* [Task directions]
Search the entries for the word "this" and pull out each line that has it.
::::::::::
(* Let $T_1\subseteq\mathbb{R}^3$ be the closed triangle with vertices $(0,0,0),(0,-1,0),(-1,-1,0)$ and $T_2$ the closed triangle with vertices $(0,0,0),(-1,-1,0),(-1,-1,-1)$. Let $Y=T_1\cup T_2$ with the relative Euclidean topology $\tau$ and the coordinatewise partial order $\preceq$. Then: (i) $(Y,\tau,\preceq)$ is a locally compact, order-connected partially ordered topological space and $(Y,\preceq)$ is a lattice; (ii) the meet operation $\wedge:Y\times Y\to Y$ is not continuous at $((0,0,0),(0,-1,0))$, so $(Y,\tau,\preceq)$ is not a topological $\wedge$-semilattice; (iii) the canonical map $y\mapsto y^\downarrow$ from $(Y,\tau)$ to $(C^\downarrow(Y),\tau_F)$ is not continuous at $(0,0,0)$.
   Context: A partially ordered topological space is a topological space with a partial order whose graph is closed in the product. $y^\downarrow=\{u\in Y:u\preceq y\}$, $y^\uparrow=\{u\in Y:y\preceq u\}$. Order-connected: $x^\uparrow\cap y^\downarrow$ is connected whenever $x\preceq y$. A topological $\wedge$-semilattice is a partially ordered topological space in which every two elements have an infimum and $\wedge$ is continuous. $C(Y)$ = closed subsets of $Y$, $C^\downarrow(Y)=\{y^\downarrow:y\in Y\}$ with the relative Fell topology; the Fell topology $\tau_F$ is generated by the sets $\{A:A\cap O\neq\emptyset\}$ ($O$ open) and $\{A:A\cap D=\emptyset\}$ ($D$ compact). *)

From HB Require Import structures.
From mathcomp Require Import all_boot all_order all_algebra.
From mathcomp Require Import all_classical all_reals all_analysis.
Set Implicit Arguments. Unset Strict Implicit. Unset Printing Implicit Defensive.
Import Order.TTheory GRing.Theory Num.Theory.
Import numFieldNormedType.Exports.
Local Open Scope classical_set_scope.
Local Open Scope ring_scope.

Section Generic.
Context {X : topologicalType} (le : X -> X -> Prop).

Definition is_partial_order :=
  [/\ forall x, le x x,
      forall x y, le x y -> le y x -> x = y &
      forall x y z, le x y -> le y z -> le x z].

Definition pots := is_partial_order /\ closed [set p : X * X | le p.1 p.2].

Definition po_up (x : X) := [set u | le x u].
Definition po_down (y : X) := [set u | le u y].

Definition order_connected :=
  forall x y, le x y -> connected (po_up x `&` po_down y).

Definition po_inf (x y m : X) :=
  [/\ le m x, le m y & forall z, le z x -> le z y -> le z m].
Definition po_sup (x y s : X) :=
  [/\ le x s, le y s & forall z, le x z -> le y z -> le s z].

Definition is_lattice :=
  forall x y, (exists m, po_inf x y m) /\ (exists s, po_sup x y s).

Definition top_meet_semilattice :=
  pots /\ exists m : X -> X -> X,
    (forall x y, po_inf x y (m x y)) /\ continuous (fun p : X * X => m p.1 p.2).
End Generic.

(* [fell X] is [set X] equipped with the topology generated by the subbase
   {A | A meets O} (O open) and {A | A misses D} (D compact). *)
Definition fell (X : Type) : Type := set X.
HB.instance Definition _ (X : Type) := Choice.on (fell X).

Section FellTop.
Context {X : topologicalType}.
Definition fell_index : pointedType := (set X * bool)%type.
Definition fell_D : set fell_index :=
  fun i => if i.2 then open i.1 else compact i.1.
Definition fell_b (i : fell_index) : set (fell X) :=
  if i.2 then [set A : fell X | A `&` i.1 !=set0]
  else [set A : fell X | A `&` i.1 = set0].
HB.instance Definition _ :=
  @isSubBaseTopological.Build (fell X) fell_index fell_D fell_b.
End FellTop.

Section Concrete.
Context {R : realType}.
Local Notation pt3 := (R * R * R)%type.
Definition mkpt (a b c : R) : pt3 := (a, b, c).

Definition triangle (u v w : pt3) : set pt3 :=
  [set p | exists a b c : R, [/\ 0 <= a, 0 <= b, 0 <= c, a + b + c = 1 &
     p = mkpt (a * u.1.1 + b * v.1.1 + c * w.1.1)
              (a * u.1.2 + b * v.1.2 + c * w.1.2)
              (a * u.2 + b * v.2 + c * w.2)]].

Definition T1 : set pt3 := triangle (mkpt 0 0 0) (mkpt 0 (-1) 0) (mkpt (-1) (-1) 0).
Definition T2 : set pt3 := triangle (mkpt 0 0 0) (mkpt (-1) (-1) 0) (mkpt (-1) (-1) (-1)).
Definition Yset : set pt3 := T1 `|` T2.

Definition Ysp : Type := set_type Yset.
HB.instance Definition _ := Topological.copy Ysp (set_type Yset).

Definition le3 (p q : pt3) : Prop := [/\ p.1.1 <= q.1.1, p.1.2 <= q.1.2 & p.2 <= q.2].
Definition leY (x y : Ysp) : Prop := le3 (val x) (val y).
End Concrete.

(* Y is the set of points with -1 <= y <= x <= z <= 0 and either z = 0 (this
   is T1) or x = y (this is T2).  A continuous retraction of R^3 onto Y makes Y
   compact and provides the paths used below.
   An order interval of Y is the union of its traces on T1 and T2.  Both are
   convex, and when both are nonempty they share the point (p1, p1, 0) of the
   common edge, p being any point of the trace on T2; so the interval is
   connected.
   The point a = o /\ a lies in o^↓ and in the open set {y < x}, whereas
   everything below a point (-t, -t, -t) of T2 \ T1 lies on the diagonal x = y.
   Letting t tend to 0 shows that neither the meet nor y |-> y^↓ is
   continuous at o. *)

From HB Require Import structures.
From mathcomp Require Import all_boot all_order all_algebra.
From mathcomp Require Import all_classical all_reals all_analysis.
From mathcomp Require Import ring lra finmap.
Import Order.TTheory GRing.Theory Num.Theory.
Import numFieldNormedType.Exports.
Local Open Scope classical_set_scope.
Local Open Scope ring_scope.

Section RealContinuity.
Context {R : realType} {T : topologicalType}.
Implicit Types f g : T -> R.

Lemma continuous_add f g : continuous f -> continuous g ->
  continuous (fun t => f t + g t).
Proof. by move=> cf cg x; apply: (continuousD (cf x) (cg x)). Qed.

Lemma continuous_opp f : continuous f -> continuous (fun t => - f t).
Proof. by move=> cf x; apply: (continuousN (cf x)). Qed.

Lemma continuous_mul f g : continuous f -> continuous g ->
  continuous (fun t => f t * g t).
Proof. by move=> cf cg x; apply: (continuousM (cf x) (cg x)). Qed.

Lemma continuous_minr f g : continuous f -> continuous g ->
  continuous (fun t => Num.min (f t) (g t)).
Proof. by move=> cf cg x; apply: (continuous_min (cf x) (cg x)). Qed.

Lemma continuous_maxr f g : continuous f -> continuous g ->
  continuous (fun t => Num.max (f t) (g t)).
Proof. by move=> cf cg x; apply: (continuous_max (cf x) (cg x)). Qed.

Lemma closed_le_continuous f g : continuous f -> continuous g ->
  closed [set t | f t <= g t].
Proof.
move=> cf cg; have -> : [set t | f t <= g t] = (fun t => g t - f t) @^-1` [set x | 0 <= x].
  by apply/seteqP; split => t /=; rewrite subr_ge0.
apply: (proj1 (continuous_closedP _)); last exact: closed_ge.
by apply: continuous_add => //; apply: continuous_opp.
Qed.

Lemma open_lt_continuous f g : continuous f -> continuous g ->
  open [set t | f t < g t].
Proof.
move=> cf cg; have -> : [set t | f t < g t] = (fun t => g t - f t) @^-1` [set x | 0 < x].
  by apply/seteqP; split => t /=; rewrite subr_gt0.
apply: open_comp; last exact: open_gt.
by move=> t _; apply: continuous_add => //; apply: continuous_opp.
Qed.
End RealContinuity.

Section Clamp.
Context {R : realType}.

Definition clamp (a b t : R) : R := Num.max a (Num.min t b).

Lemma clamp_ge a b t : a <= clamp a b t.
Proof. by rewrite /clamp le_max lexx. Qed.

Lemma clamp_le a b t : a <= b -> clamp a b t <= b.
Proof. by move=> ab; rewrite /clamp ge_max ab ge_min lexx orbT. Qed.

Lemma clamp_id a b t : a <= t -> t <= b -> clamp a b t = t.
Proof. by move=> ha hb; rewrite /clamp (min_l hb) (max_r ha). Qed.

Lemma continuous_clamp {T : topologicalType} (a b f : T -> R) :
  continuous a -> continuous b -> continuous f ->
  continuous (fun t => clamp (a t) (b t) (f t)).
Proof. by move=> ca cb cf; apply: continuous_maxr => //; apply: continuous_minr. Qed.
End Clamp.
::::::::::
* [Answer section]
(* Y is the set of points with -1 <= y <= x <= z <= 0 and either z = 0 (this
   is T1) or x = y (this is T2).  A continuous retraction of R^3 onto Y makes Y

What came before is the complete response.